Related Work & Insights¶
- Classical Influence Functions: Originally proposed by Cook (1977), introduced to deep learning by Koh & Liang (2020), and extended with the EK-FAC approximation (current SOTA) by Grosse et al. (2023).
- Gradient Similarity Methods: TRAK (Park et al., 2023b) approximates attribution via representation-space similarity; GradSim uses gradient inner products directly.
- Distributional TDA: Mlodozeniec et al. (2025) propose the d-TDA framework, of which BIF can be viewed as a mean-shift special case.

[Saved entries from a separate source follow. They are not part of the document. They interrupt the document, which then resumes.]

(* Let $p\ge2$ and let $\epsilon>0$ be sufficiently small. For $\chi\in[0,\pi]$, $\psi\in[-\pi/2,\pi/2]$ set $A_0=e^{i\chi\sigma_z}$, $a_0=i\sigma_x\cos\psi+i\sigma_z\sin\psi$ and $$Q_p(\chi,\psi)=\big[(\,A_0,\ A_0^{-1}a_0A_0^{p+1},\ A_0^{-1}a_0A_0,\ a_0^{-1}\,)\big]\in R(T^2,2).$$ If $Q_p(\chi,\psi)=L_s(\phi,\theta)$ for some spherical-polar coordinates $(\phi,\theta)$, then $\phi=\pi/2$ and there is $n\in\{0,1,\dots,p-1\}$ with $$\chi=(n+\tfrac12)\tfrac{\pi}{p},\qquad \psi=(-1)^{n+1}\big(\tfrac{\pi}{2}-\epsilon\big).$$
   Context: Pauli matrices standard; $[A,B]=ABA^{-1}B^{-1}$. $R(T^2,2)$ is the space of tuples $(A,B,a,b)\in SU(2)^4$ with $\operatorname{tr}a=\operatorname{tr}b=0$ and $[A,B]ab=1$ modulo simultaneous conjugation (the tuple defining $Q_p$ satisfies these conditions). For $\nu=\epsilon\sin\phi$, $L_s(\phi,\theta)=[(A,B,a,b)]$ with $a=i\sigma_z$, $h=(\cos^2\nu+\sin^2\nu\sin^2\theta)^{-1/2}(i\sigma_x\cos\nu-i\sigma_z\sin\nu\sin\theta)$, $A=h(\cos\phi+i\sin\phi(\sigma_x\cos\theta+\sigma_y\sin\theta))$, $B=\cos\nu+i\sin\nu(\sigma_x\cos\theta+\sigma_y\sin\theta)$, $b=-ha^{-1}h^{-1}$. ($Q_p(\chi,\psi)$ is the image of the disk Lagrangian point $[(e^{i\chi\sigma_z},1,a_0,a_0^{-1})]$ under the mapping class $\alpha_1^{-1}T_a^p$ that produces the simple knot in $L(p,1)$ representing $1\in H_1(L(p,1);\mathbb{Z})$.) *)

From Stdlib Require Import Reals.
Open Scope R_scope.

(* An element of the real span of {1, i sigma_x, i sigma_y, i sigma_z}
   (Pauli matrices standard), encoded by its four real coordinates:
   q = q0 * 1 + q1 * (i sigma_x) + q2 * (i sigma_y) + q3 * (i sigma_z).
   SU(2) is exactly the set of such q with q0^2+q1^2+q2^2+q3^2 = 1. *)
Record M2 := mkM2 { c0 : R; cx : R; cy : R; cz : R }.

(* Matrix product, using (i s_a)(i s_b) = - delta_ab 1 - eps_abc (i s_c). *)
Definition mmul (p q : M2) : M2 :=
  mkM2 (c0 p * c0 q - cx p * cx q - cy p * cy q - cz p * cz q)
       (c0 p * cx q + cx p * c0 q - (cy p * cz q - cz p * cy q))
       (c0 p * cy q + cy p * c0 q - (cz p * cx q - cx p * cz q))
       (c0 p * cz q + cz p * c0 q - (cx p * cy q - cy p * cx q)).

- Bayesian Infinitesimal Jackknife: Giordano & Broderick (2024) propose a similar idea in the analysis of Bayesian models, without localization or scaling to large LLMs.
- Singular Learning Theory: Lau et al. (2025) propose SGMCMC-based estimation of the local learning coefficient; the present paper adopts the same localization mechanism.
Rating¶
- Novelty: ★★★★★ — The theoretical insight of replacing the inverse Hessian with covariance estimation is elegant and profound; the definition of Local BIF is natural and broadly applicable.
- Practicality: ★★★★☆ — Architecture-agnostic for large models with high practical value for per-token attribution, though hyperparameter tuning still relies on empirical judgment.
- Theoretical Depth: ★★★★☆ — The asymptotic equivalence between BIF and classical IF is rigorously proved, but theoretical guarantees for sampling convergence and hyperparameter selection are lacking.
- Experimental Thoroughness: ★★★★☆ — Covers vision (CIFAR-10, ImageNet) and language (Pythia series) models with both qualitative and quantitative evaluations, though retraining experiments are conducted at relatively small scale.
- Writing Quality: ★★★★★ — The derivation from IF to BIF is clearly structured, Figures 1–2 provide intuitive and compelling visualizations, and Table 1 comparing the method against baselines is highly informative.